Hi,
I have a question regarding the copy behavior option merge when it comes to use data lake as a sink in a copy activity.
Let's assume we have the following 2 csv files
File 1:
1, John
2, Sarah
File 2:
3, Bob
4, Janet
If I pick these 2 files as my source and try to merge them into a file named FinalFile.csv, I understand that the rows may not be in a sequential order. For example, having something like:
1, John
3, Bob
2, Sarah
4, Janet
My understanding is that the merge behavior doesn't really guarantee that files are merged in a sequential manner and records may be mixed.
Let's now say that I'm picking File2 as my source and File1 as my sink. I'd kind of expect that the final output would be:
1, John
2, Sarah
3, Bob
4, Janet
since we're using a file with content already in it and just merging one source file. However, it does seem that only rows from File2 will be there and rows that were on the file are gone. Basically, it seems that it does an overwrite and not an append.

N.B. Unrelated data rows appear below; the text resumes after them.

(* Indices consistent with the first [i] decisions of the diagonal argument:
   the predicate [P i'] is decided "true" iff infinitely many indices consistent
   with the earlier decisions satisfy it. *)
Fixpoint consistent (P : nat -> nat -> Prop) (i : nat) : nat -> Prop :=
  match i with
  | O => fun _ => True
  | S i' => fun k => consistent P i' k
      /\ (infinitely (fun k => consistent P i' k /\ P i' k) -> P i' k)
      /\ (~ infinitely (fun k => consistent P i' k /\ P i' k) -> ~ P i' k)
  end.

Lemma consistent_infinite P i : infinitely (consistent P i).
Proof.
  induction i as [|i IH].
  - intros N. exists N. simpl. auto.
  - destruct (classic (infinitely (fun k => consistent P i k /\ P i k))) as [Hi|Hi].
    + intros N. destruct (Hi N) as [k [Hk [H1 H2]]]. exists k. simpl.
      repeat split; auto.
    + assert (H0 : exists N0, forall k, (N0 <= k)%nat -> ~ (consistent P i k /\ P i k)).
      { apply NNPP. intros C. apply Hi. intros N. apply NNPP. intros C2. apply C. exists N.
        intros k Hk Hk2. apply C2. exists k. auto. }
      destruct H0 as [N0 HN0].
      intros N. destruct (IH (Nat.max N N0)) as [k [Hk Sk]]. exists k. simpl.
      split; [lia|]. split; [exact Sk|]. split; [intros C; contradiction|].
      intros _ Pk. apply (HN0 k); [lia|]. auto.
Qed.

Lemma consistent_antitone P i j k : (i <= j)%nat -> consistent P j k -> consistent P i k.
Proof. intros H. induction H; auto. intros Hs. apply IHle. simpl in Hs. tauto. Qed.

Lemma diagonal_subsequence (P : nat -> nat -> Prop) :
  exists s : nat -> nat, (forall j, (j <= s j)%nat) /\
    forall i, (exists N, forall j, (N <= j)%nat -> P i (s j)) \/
              (exists N, forall j, (N <= j)%nat -> ~ P i (s j)).
Proof.
  destruct (choice (fun j k => (j <= k)%nat /\ consistent P j k)) as [s Hs].
  { intros j. apply consistent_infinite. }
  exists s. split; [apply Hs|].
  intros i. destruct (classic (infinitely (fun k => consistent P i k /\ P i k))) as [Hi|Hi];
    [left|right]; exists (S i); intros j Hj;
    pose proof (consistent_antitone P (S i) j (s j) Hj (proj2 (Hs j))) as Hc;
    simpl in Hc; tauto.
Qed.

(* Along a suitable subsequence, upper and lower limits agree on the fibre over
   [y0]: decide, for every ball of the finite nets of the fibre, whether the sets
   eventually meet it. *)
Lemma fibre_limits_agree (X Y : MetricSpace) (f : X -> Y) (hf : perfect f) (y0 : Y)
  (A0 : nat -> X -> Prop) :
  exists s : nat -> nat, (forall j, (j <= s j)%nat) /\
    forall x, f x = y0 -> limsup (fun k => A0 (s k)) x -> liminf (fun k => A0 (s k)) x.
Proof.
  destruct (fibre_nets X Y f hf y0) as [net hnet].
  (* the set [A0 k] meets the ball of radius [inv_succ j] about the [t]-th point
     of the [j]-th net, where [i] codes [(j, t)] *)
  set (meets_ball := fun i k => let (j, t) := Cantor.of_nat i in
         exists c, nth_error (net j) t = Some c /\ exists a, A0 k a /\ dist a c < inv_succ j).
  destruct (diagonal_subsequence meets_ball) as [s [Hs1 Hs2]].
  exists s. split; [exact Hs1|].
  intros x hfx hx eps He.
  destruct (inv_succ_small (eps / 2)) as [j Hj]; [lra|]. specialize (Hj j (le_n j)).
  destruct (hnet j x hfx) as [c [Hc Hcx]].
  destruct (In_nth_error _ _ Hc) as [t Ht].
  destruct (Hs2 (Cantor.to_nat (j, t))) as [[N HN]|[N HN]].
  - exists N. intros k Hk. specialize (HN k Hk).
    unfold meets_ball in HN. rewrite Cantor.cancel_of_to in HN.
    destruct HN as [c' [Ht' [a [Ha Hda]]]]. rewrite Ht in Ht'. injection Ht' as <-.
    exists a. split; [exact Ha|]. pose proof (dist_tri X x c a).
    rewrite (dist_sym X x c), (dist_sym X c a) in H. lra.
  - exfalso. destruct (hx (inv_succ j - dist c x)) with (N := N) as [k [Hk [a [Ha Hda]]]];
      [lra|].
    apply (HN k Hk). unfold meets_ball. rewrite Cantor.cancel_of_to.
    exists c. split; [exact Ht|]. exists a. split; [exact Ha|].
    pose proof (dist_tri X a x c). rewrite (dist_sym X a x), (dist_sym X x c) in H. lra.
Qed.

Lemma best_approximant (X : MetricSpace) (A : X -> Prop) (x : X) (hne : exists a, A a) (k : nat) :
  exists a, A a /\ forall j, (j <= k)%nat ->
    (exists b, A b /\ dist x b < inv_succ j) -> dist x a < inv_succ j.
Proof.
  induction k as [|k IH].
  - destruct (classic (exists b, A b /\ dist x b < inv_succ 0)) as [[b [Hb Hd]]|Hn].
    + exists b. split; [exact Hb|]. intros j Hj _. replace j with 0%nat by lia. exact Hd.
    + destruct hne as [a Ha]. exists a. split; [exact Ha|]. intros j Hj Hx.
      replace j with 0%nat in Hx by lia. contradiction.
  - destruct (classic (exists b, A b /\ dist x b < inv_succ (S k))) as [[b [Hb Hd]]|Hn].
    + exists b. split; [exact Hb|]. intros j Hj _.
      pose proof (inv_succ_antitone j (S k) Hj). lra.
    + destruct IH as [a [Ha Ha2]]. exists a. split; [exact Ha|]. intros j Hj Hx.
      destruct (Nat.eq_dec j (S k)) as [->|Hne]; [contradiction|]. apply Ha2; [lia|exact Hx].
Qed.

Lemma liminf_approximants (X : MetricSpace) (A : nat -> X -> Prop) (x : X)
  (hx : liminf A x) (hne : forall k, exists a, A k a) :
  exists u : nat -> X, (forall k, A k (u k)) /\
    forall eps, 0 < eps -> exists N, forall k, (N <= k)%nat -> dist x (u k) < eps.
Proof.
  destruct (choice _ (fun k => best_approximant X (A k) x (hne k) k)) as [u Hu].
  exists u. split; [apply Hu|].
  intros eps He. destruct (inv_succ_small eps He) as [j Hj].
  destruct (hx (inv_succ j) (inv_succ_pos j)) as [N HN]. exists (Nat.max N j). intros k Hk.
  eapply Rlt_trans; [|apply (Hj j); lia]. apply Hu; [lia|]. apply HN. lia.
Qed.

Section LimitsOfMaps.
Variables (X Y M : MetricSpace) (f : X -> Y).
Hypothesis hf : perfect f.
Variables (y0 : Y) (g : X -> M).
Hypothesis gc : continuous g.
Variables (ys : nat -> Y) (G : nat -> X -> M).
Hypothesis hys : forall k, dist (ys k) y0 < inv_succ k.
Hypothesis hG : forall k a, f a = ys k -> dist (G k a) (g a) < inv_succ k.

Lemma over_fibres_shrink (A : nat -> X -> Prop) (hAf : forall k a, A k a -> f a = ys k) :
  forall k a, A k a -> dist (f a) y0 < inv_succ k.
Proof. intros k a Ha. rewrite (hAf k a Ha). apply hys. Qed.

Lemma limsup_diam (A : nat -> X -> Prop) (hAf : forall k a, A k a -> f a = ys k)
  (r : R) (hd : forall k, diam_ge (image (G k) (A k)) r) :
  diam_ge (image g (limsup A)) r.
Proof.
  pose proof (over_fibres_shrink A hAf) as hA.
  intros s Hs. set (s' := (s + r) / 2).
  assert (far : forall k, exists pq : X * X,
    A k (fst pq) /\ A k (snd pq) /\ s' < dist (G k (fst pq)) (G k (snd pq))).
  { intros k. destruct (hd k s') as [a [b [[p [Hp <-]] [[q [Hq <-]] Hab]]]]; [unfold s'; lra|].
    exists (p, q). auto. }
  destruct (choice _ far) as [pq Hpq].
  destruct (limsup_cluster X Y f hf y0 A hA (fun k => k) (fun k => fst (pq k)))
    as [c [Hc Hcl]]; [auto|apply Hpq|].
  destruct (cluster_subsequence X _ c Hcl) as [sg Hsg].
  destruct (limsup_cluster X Y f hf y0 A hA sg (fun j => snd (pq (sg j))))
    as [e [He Hel]]; [apply Hsg|intros j; apply Hpq|].
  exists (g c), (g e). split; [exists c; auto|]. split; [exists e; auto|].
  set (eta := (s' - s) / 4).
  assert (Heta : 0 < eta) by (unfold eta, s'; lra).
  destruct (gc c eta Heta) as [dc [Hdc Hdc2]].
  destruct (gc e eta Heta) as [de [Hde Hde2]].
  destruct (inv_succ_small (Rmin dc eta)) as [N1 HN1]; [apply Rmin_pos; lra|].
  destruct (Hel de Hde N1) as [j [Hj Hd]].
  set (k := sg j). destruct (Hsg j) as [Hk Hpk]. fold k in Hk, Hpk.
  destruct (Hpq k) as [Ap [Aq far_k]].
  set (p := fst (pq k)) in *. set (q := snd (pq k)) in *.
  pose proof (HN1 j Hj) as Hir. pose proof (Rmin_l dc eta). pose proof (Rmin_r dc eta).
  pose proof (inv_succ_antitone j k Hk).
  assert (E1 : dist (G k p) (g p) < eta) by (pose proof (hG k p (hAf k p Ap)); lra).
  assert (E2 : dist (G k q) (g q) < eta) by (pose proof (hG k q (hAf k q Aq)); lra).
  assert (E3 : dist (g c) (g p) < eta) by (apply Hdc2; rewrite dist_sym; lra).
  assert (E4 : dist (g e) (g q) < eta) by (apply Hde2; rewrite dist_sym; exact Hd).
  pose proof (dist_tri M (G k p) (g p) (G k q)).
  pose proof (dist_tri M (g p) (g c) (G k q)).
  pose proof (dist_tri M (g c) (g e) (G k q)).
  pose proof (dist_tri M (g e) (g q) (G k q)).
  rewrite (dist_sym M (g p) (g c)) in *. rewrite (dist_sym M (g q) (G k q)) in *.
  unfold eta in *. lra.
Qed.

Question: based on what I mentioned above, is there any way to guarantee the order of the records using the copy activity? I'm aware that I could potentially use a data flow or an Azure Function to achieve this but don't really want to go down that route unless there's no other option. I guess one potential option (which I haven't tried yet) is to provide a file with a list of file to the source of the copy activity and set the degree of parallelism to 1, hoping it would merge files by the order they're in the file with the filenames. However, not really keen on this option.
Thanks
Pedro